* [Exercise objective]:
Take from the records below each line that holds "addrACA".

══════

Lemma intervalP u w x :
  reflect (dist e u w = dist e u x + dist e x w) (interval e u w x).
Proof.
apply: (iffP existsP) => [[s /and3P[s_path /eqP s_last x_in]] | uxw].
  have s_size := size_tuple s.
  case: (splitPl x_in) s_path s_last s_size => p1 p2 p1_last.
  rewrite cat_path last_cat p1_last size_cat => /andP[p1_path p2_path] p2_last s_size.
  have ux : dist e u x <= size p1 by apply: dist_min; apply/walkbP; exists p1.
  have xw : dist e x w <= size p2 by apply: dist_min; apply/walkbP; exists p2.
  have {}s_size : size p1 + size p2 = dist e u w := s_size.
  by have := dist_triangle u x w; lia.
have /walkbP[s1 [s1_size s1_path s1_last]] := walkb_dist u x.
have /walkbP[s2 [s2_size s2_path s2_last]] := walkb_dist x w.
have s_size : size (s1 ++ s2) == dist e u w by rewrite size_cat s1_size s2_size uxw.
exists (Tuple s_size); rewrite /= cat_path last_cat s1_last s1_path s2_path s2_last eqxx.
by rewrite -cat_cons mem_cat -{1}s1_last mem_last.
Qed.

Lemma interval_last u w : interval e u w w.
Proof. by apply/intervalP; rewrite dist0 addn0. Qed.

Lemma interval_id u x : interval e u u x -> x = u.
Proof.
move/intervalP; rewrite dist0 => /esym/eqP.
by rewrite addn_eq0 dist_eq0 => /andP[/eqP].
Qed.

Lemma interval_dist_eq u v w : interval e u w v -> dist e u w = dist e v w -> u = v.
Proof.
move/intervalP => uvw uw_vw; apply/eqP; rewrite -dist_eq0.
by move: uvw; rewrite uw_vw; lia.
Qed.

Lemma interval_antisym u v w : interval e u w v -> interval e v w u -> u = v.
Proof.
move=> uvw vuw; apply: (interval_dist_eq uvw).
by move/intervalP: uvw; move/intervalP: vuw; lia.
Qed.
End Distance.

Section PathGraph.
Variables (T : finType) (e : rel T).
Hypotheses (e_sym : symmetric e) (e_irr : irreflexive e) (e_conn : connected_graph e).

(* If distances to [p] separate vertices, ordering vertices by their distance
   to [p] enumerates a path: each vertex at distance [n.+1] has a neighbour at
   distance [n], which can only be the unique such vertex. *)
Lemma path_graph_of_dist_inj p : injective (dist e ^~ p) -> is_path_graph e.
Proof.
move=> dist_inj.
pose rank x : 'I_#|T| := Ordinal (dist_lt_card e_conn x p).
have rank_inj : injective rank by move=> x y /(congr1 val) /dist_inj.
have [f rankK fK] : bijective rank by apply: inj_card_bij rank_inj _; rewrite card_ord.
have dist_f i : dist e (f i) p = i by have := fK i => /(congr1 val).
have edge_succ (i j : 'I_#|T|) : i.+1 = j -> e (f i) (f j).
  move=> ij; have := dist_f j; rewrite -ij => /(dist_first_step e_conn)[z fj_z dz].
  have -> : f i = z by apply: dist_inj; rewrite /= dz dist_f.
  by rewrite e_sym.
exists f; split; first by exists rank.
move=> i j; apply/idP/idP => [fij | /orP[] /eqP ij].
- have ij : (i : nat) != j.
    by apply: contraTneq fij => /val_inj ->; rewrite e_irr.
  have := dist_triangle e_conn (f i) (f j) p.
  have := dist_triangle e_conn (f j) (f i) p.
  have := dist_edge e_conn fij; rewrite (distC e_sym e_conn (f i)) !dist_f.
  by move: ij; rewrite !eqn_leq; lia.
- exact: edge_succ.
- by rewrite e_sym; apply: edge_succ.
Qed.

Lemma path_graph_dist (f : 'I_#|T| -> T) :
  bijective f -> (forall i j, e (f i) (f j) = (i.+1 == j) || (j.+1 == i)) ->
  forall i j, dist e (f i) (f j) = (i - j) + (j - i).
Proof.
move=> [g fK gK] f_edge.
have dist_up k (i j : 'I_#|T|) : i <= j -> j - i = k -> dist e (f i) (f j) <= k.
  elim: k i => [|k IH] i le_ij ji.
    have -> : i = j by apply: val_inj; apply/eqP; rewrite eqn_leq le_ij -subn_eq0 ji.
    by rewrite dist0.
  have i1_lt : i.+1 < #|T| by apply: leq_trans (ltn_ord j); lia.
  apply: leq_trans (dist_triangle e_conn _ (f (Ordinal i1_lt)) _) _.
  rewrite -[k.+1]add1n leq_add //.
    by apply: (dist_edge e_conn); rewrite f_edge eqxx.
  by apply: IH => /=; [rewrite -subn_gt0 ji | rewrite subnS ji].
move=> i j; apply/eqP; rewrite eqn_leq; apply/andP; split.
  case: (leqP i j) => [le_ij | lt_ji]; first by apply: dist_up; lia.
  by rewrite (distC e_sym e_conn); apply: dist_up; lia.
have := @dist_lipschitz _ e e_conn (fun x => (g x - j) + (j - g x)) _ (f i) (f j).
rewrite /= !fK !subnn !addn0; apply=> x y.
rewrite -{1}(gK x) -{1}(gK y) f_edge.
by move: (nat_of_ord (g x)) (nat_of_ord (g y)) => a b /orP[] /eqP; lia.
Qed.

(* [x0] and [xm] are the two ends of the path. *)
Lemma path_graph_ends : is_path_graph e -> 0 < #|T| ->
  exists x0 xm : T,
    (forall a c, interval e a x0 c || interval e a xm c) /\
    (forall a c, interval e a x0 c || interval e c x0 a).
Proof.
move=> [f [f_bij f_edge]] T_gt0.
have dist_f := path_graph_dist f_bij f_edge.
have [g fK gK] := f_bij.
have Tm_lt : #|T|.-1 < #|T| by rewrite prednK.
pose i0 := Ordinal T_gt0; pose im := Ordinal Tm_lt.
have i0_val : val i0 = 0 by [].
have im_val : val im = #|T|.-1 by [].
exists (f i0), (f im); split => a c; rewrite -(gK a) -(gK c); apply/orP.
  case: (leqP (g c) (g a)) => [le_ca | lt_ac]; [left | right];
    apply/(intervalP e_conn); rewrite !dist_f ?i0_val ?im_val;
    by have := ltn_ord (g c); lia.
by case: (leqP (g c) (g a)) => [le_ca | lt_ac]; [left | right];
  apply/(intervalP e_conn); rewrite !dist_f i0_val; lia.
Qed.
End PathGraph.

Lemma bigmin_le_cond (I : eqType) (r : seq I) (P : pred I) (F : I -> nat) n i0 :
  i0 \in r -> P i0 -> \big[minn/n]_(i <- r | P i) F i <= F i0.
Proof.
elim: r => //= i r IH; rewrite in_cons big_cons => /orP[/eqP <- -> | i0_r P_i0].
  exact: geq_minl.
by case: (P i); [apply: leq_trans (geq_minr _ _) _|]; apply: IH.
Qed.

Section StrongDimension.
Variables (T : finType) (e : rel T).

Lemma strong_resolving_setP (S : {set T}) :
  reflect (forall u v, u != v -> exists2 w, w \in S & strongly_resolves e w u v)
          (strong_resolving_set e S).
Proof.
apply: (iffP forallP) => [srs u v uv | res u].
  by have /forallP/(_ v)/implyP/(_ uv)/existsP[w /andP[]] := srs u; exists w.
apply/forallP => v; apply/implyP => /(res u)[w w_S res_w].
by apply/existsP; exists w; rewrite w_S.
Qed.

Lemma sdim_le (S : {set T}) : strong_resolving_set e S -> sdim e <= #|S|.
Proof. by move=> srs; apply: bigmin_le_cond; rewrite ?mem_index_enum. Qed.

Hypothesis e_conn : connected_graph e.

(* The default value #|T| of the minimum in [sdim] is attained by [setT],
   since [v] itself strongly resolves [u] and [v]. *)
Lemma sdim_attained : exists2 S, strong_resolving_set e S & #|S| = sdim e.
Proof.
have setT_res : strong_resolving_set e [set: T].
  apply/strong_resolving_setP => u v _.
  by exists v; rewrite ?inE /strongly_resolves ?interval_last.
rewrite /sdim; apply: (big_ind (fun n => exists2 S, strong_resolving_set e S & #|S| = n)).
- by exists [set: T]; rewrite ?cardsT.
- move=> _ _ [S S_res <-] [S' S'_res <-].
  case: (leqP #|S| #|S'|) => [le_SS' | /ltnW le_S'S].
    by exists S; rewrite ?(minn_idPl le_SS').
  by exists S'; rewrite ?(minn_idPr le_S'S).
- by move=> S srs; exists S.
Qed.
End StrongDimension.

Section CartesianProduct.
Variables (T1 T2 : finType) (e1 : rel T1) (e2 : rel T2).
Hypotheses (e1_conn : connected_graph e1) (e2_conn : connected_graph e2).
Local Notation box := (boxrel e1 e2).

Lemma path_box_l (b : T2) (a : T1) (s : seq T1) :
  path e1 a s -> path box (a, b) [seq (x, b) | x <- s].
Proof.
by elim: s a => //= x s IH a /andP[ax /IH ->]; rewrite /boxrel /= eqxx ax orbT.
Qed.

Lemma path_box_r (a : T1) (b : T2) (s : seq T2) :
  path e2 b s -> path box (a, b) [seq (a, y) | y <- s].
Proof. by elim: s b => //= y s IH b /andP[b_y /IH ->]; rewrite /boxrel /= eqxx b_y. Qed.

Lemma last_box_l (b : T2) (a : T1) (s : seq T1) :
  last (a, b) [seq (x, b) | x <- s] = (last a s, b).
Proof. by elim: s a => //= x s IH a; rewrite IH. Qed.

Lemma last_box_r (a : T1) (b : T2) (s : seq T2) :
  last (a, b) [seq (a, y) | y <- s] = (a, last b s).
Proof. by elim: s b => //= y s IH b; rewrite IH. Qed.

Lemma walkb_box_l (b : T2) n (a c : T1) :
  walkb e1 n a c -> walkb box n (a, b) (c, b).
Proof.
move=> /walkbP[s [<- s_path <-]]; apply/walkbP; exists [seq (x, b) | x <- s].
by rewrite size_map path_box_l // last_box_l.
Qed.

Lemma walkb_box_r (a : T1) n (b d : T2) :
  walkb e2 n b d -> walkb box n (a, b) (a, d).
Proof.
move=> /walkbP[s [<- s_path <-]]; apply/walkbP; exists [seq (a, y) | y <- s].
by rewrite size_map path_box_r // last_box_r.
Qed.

══════

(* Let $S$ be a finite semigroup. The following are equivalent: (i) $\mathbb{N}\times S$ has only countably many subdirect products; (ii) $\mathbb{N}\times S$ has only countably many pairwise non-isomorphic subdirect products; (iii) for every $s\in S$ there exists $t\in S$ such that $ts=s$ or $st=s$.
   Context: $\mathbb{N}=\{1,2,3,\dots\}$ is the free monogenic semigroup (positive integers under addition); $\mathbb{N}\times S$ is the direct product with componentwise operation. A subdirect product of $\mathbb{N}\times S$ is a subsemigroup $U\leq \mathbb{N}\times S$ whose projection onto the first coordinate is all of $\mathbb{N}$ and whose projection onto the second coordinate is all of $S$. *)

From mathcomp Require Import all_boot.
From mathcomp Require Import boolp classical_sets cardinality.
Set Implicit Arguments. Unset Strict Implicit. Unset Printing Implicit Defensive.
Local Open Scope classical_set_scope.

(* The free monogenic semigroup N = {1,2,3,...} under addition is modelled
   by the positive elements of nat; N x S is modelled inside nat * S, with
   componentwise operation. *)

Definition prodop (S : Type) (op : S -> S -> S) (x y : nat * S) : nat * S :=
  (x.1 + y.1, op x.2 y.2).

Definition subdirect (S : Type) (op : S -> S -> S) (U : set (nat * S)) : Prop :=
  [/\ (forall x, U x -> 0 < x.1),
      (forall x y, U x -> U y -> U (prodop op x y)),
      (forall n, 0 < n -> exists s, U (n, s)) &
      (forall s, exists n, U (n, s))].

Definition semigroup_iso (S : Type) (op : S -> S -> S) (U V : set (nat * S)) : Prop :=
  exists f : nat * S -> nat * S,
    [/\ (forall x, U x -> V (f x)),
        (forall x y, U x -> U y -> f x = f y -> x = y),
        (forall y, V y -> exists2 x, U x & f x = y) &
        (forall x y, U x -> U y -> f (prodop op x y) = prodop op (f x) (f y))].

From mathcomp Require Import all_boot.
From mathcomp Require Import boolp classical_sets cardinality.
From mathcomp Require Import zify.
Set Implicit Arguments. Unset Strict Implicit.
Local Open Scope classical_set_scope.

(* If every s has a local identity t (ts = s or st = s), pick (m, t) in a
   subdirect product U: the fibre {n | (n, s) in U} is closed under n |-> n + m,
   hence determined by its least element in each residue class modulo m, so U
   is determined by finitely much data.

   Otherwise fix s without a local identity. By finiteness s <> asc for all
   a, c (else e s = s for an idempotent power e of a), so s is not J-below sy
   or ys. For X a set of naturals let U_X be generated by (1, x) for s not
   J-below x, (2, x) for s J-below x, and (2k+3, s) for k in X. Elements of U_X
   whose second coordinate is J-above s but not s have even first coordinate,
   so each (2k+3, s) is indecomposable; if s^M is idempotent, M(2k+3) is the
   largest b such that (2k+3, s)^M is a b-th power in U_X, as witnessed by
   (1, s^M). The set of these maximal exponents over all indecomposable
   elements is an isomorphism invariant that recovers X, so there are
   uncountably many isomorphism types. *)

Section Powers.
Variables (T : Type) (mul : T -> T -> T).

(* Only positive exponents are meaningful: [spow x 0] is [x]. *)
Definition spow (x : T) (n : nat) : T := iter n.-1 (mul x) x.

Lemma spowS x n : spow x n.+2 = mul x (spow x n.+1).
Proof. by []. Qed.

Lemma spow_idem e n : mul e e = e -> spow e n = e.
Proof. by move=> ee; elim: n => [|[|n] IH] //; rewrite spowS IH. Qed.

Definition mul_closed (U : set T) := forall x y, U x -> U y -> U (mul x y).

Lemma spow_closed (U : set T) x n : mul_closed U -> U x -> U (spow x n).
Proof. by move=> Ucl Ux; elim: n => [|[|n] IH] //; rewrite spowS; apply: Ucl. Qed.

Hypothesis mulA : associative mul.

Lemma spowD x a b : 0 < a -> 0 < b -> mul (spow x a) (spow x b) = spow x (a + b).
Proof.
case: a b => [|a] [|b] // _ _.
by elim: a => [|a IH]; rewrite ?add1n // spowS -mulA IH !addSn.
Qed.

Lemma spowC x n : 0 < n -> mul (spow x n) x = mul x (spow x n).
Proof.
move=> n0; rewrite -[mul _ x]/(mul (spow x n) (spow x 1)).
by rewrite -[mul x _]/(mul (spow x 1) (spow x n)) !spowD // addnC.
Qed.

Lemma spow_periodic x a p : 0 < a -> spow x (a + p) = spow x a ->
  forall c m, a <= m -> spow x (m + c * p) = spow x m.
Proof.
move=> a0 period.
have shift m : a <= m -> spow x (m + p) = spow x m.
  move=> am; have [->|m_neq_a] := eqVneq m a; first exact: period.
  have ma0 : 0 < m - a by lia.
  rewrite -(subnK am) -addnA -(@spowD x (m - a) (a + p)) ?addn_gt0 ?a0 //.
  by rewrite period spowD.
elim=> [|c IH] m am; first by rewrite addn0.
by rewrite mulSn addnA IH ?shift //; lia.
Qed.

══════

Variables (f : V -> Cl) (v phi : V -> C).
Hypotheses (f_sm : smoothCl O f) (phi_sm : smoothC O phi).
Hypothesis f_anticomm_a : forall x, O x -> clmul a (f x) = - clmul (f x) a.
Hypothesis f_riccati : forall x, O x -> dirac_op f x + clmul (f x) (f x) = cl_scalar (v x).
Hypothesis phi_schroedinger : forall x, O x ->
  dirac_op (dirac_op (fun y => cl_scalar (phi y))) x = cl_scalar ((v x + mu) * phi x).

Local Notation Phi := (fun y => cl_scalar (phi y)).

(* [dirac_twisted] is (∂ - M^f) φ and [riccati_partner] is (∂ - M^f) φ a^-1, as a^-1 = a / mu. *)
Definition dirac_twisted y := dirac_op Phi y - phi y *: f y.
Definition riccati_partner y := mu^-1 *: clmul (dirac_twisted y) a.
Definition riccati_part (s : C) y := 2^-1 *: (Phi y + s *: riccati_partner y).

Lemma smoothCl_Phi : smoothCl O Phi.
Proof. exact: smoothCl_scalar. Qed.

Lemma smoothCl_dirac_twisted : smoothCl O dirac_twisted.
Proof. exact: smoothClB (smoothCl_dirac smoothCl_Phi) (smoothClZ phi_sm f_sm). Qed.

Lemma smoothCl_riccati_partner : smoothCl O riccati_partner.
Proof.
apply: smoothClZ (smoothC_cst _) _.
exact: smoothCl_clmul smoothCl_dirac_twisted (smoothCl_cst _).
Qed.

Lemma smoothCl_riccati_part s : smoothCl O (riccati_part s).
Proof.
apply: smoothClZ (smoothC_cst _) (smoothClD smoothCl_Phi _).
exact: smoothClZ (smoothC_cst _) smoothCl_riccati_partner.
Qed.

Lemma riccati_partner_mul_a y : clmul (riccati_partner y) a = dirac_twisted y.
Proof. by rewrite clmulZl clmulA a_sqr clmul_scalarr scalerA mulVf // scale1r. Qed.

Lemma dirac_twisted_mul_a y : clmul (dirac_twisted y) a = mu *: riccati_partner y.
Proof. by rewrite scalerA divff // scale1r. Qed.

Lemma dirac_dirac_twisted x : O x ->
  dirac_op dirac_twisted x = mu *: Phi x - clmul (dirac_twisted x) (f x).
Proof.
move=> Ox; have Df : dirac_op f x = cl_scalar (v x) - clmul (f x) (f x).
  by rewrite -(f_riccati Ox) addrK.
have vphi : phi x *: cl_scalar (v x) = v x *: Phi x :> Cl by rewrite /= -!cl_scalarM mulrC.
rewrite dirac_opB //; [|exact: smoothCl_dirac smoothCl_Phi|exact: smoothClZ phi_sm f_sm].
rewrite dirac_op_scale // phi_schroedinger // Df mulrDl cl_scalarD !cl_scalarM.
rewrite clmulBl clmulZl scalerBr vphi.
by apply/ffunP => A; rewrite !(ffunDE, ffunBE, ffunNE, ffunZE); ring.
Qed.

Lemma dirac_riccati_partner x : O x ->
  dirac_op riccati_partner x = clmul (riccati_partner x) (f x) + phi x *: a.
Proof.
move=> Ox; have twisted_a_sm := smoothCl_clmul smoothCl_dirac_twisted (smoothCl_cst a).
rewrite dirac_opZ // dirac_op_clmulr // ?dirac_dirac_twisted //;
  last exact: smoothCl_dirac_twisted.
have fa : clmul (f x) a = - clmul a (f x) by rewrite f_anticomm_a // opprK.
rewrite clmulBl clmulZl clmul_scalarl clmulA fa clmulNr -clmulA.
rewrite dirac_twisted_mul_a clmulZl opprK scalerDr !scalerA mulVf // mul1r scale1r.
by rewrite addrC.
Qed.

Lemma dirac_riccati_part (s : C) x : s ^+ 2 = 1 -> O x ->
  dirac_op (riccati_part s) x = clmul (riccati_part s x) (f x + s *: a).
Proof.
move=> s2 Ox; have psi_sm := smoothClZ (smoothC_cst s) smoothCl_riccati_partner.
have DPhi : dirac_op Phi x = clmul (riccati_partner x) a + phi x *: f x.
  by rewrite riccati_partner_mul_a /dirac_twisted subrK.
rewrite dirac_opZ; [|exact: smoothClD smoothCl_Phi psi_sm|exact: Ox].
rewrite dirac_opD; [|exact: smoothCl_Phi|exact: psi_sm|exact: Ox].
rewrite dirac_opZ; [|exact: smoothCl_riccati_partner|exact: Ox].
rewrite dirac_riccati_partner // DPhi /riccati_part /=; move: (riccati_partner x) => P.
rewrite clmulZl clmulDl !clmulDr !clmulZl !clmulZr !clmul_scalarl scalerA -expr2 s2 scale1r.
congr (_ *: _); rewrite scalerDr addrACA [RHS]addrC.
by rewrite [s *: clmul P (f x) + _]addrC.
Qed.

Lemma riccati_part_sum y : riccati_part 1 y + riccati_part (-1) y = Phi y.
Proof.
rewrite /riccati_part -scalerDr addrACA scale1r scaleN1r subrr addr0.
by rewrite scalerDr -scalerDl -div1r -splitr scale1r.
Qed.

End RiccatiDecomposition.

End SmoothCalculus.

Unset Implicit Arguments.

══════

* [Response]:
congr (_ *: _); rewrite scalerDr addrACA [RHS]addrC.
rewrite /riccati_part -scalerDr addrACA scale1r scaleN1r subrr addr0.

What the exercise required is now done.